- [Work to complete] Read through the listing below and return only the lines containing "intros".

- [Dataset entries]
Local Notation F := (binom_cdf R n.-1 (n - B)).

Lemma p_bounds : [/\ 0 < 1 - p, 1 - p < p & p < 1].
Proof.
have [hp hp1] := andP p_range.
have : 2^-1 * 2 < p * 2 by rewrite ltr_pM2r.
by rewrite mulVf ?pnatr_eq0 // => h2; split; lra.
Qed.

(* The probability that at least [B] players commit when the player commits and
   each of the [n - 1] others commits independently with probability [q]
   (lemma [reach_prob_given_const]). *)
Definition reach q : R := F.[1 - q].

Lemma reach_gt0 q : 0 < q <= 1 -> 0 < reach q.
Proof. by move=> /andP[q0 q1]; apply: binom_cdf_gt0; apply/andP; split; lra. Qed.

Lemma reach1 : reach 1 = 1.
Proof. by rewrite /reach subrr binom_cdf0. Qed.

Lemma reach_nondecr q1 q2 : 0 <= q1 -> q1 <= q2 -> q2 <= 1 -> reach q1 <= reach q2.
Proof.
move=> q10 q12 q21; apply: binom_cdf_nonincr; try lra.
by move: B_range; clear; lia.
Qed.

Definition rateH x y : R := p * x + (1 - p) * y.
Definition rateL x y : R := (1 - p) * x + p * y.

(* Expected payoff of committing after signal H (resp. L) when every other
   player commits with probability [x] after H and [y] after L. *)
Definition gainH x y : R := p * reach (rateH x y) - (1 - p) * reach (rateL x y).
Definition gainL x y : R := (1 - p) * reach (rateH x y) - p * reach (rateL x y).

Lemma exp_util_sym sigma tau i :
  Defs.symmetric sigma -> (forall j, j != i -> tau j = sigma j) ->
  exp_util p B tau i = 2^-1 * (tau i true * gainH (sigma i true) (sigma i false)
                             + tau i false * gainL (sigma i true) (sigma i false)).
Proof.
move=> sym tau_sigma.
set x := sigma i true; set y := sigma i false.
have reach_tau w : reach_prob_given B (commit_prob p w tau) i
                   = reach (if w then rateH x y else rateL x y).
  rewrite /reach -(reach_prob_given_const _ i); last by case/andP: B_range.
  apply: reach_prob_given_eq => j ji; rewrite /commit_prob tau_sigma // !(sym j i).
  by case: w; rewrite /sig_prob /rateH /rateL.
rewrite exp_utilE !reach_tau /gainH /gainL /commit_prob /sig_prob /=; ring.
Qed.

Lemma BNE_pure_deviation sigma i : Defs.symmetric sigma -> is_BNE p B sigma ->
  forall b1 b0 : bool,
  b1%:R * gainH (sigma i true) (sigma i false) + b0%:R * gainL (sigma i true) (sigma i false)
  <= sigma i true * gainH (sigma i true) (sigma i false)
   + sigma i false * gainL (sigma i true) (sigma i false).
Proof.
move=> sym [_ bne] b1 b0.
have := bne i (fun s => if s then b1 else b0).
rewrite (exp_util_sym sym) => [|j /negbTE ji]; last by rewrite /deviate ji.
rewrite (exp_util_sym sym) // /deviate eqxx /=.
by rewrite ler_pM2l // invr_gt0 ltr0n.
Qed.

Lemma gainH_gainL x y : p * gainH x y = (1 - p) * gainL x y + (2 * p - 1) * reach (rateH x y).
Proof. by rewrite /gainH /gainL; ring. Qed.

Lemma gainH_gt0 x y : 0 <= y <= x -> 0 < x <= 1 -> 0 < gainH x y.
Proof.
move=> /andP[y0 yx] /andP[x0 x1]; have [p0 pp p1] := p_bounds.
have rH : 0 < rateH x y <= 1 by rewrite /rateH; apply/andP; split; nra.
have rLH : rateL x y <= rateH x y by rewrite /rateL /rateH; nra.
have rL0 : 0 <= rateL x y by rewrite /rateL; nra.
have := reach_gt0 rH; have := reach_nondecr rL0 rLH (proj2 (andP rH)).
rewrite /gainH; nra.
Qed.

Lemma gainL1E y : gainL 1 y = (1 - p) * F.[(1 - p) * (1 - y)] - p * F.[p * (1 - y)].
Proof.
rewrite /gainL /reach /rateH /rateL.
have -> : 1 - (p * 1 + (1 - p) * y) = (1 - p) * (1 - y) by ring.
by have -> : 1 - ((1 - p) * 1 + p * y) = p * (1 - y) by ring.
Qed.

Lemma gainL11_lt0 : gainL 1 1 < 0.
Proof.
have [_ pp _] := p_bounds.
by rewrite gainL1E subrr !mulr0 binom_cdf0; lra.
Qed.
Definition sum_rate (L : nat) (g : nat -> nat -> nat -> R) (sigma2 : R)
  (p : nat -> nat -> R) : R :=
  log2 (1 + min_hops (sinr g sigma2 p 1) L)
  + log2 (1 + min_hops (sinr g sigma2 p 2) L).

Definition feasible (L : nat) (Pmax : R) (p : nat -> nat -> R) : Prop :=
  forall i k, is_user i -> (k < L)%nat -> 0 <= p i k <= Pmax.

(* Every admissible allocation has end-to-end SINRs (X, Y) in the region cut out at each hop
   by [hop_admissible] and its mirror image; conversely every (X, Y) of that region is reached,
   with the same SINR at every hop, by the closed-form matched powers.  The sum rate is the
   logarithm of (1 + X)(1 + Y), so it suffices to maximize this product over the region, which
   is compact.  At a maximizer with X, Y > 0 two of the 2L hop constraints are tight: if none
   were, Y could be increased; if only one were, then along its hyperbola X (u + w Y) = z the
   product (1 + X)(1 + Y) is strictly convex, so one direction improves it.  A tight constraint
   makes the matched power equal to P, and X = 0 makes every power of user 1 vanish. *)

From Stdlib Require Import Reals Lra Lia List Classical.
From Coquelicot Require Import Rcomplements Hierarchy Continuity.
Open Scope R_scope.

Lemma min_hops_le f L l : (1 <= l <= L)%nat -> min_hops f L <= f l.
Proof.
  intros Hl; unfold min_hops.
  assert (Hin : In l (seq 1 L)) by (apply in_seq; lia).
  induction (seq 1 L) as [|l' s IH]; [destruct Hin|].
  destruct Hin as [-> | Hin]; simpl; [apply Rmin_l|].
  eapply Rle_trans; [apply Rmin_r | auto].
Qed.

Lemma min_hops_ind (Q : R -> Prop) f L :
  (1 <= L)%nat -> (forall a b, Q a -> Q b -> Q (Rmin a b)) ->
  (forall l, (1 <= l <= L)%nat -> Q (f l)) -> Q (min_hops f L).
Proof.
  intros HL Hmin Hf; unfold min_hops.
  assert (Hs : forall l, In l (seq 1 L) -> Q (f l))
    by (intros l Hl; apply in_seq in Hl; apply Hf; lia).
  induction (seq 1 L) as [|l s IH]; simpl; [apply Hf; lia|].
  apply Hmin; [apply Hs; left | apply IH; intros; apply Hs; right]; auto.
Qed.

Lemma min_hops_glb f L c :
  (1 <= L)%nat -> (forall l, (1 <= l <= L)%nat -> c <= f l) -> c <= min_hops f L.
Proof. intros HL; apply min_hops_ind; auto using Rmin_glb. Qed.

Lemma min_hops_pos f L :
  (1 <= L)%nat -> (forall l, (1 <= l <= L)%nat -> 0 < f l) -> 0 < min_hops f L.
Proof. intros HL; apply min_hops_ind; auto using Rmin_glb_lt. Qed.

Lemma min_hops_const f L c :
  (1 <= L)%nat -> (forall l, (1 <= l <= L)%nat -> f l = c) -> min_hops f L = c.
Proof.
  intros HL Hf; apply min_hops_ind; auto.
  intros a b -> ->; apply Rmin_left; lra.
Qed.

- [Result below]
  intros Hl; unfold min_hops.
  intros HL Hmin Hf; unfold min_hops.
    by (intros l Hl; apply in_seq in Hl; apply Hf; lia).
  apply Hmin; [apply Hs; left | apply IH; intros; apply Hs; right]; auto.
Proof. intros HL; apply min_hops_ind; auto using Rmin_glb. Qed.
Proof. intros HL; apply min_hops_ind; auto using Rmin_glb_lt. Qed.
  intros HL Hf; apply min_hops_ind; auto.
  intros a b -> ->; apply Rmin_left; lra.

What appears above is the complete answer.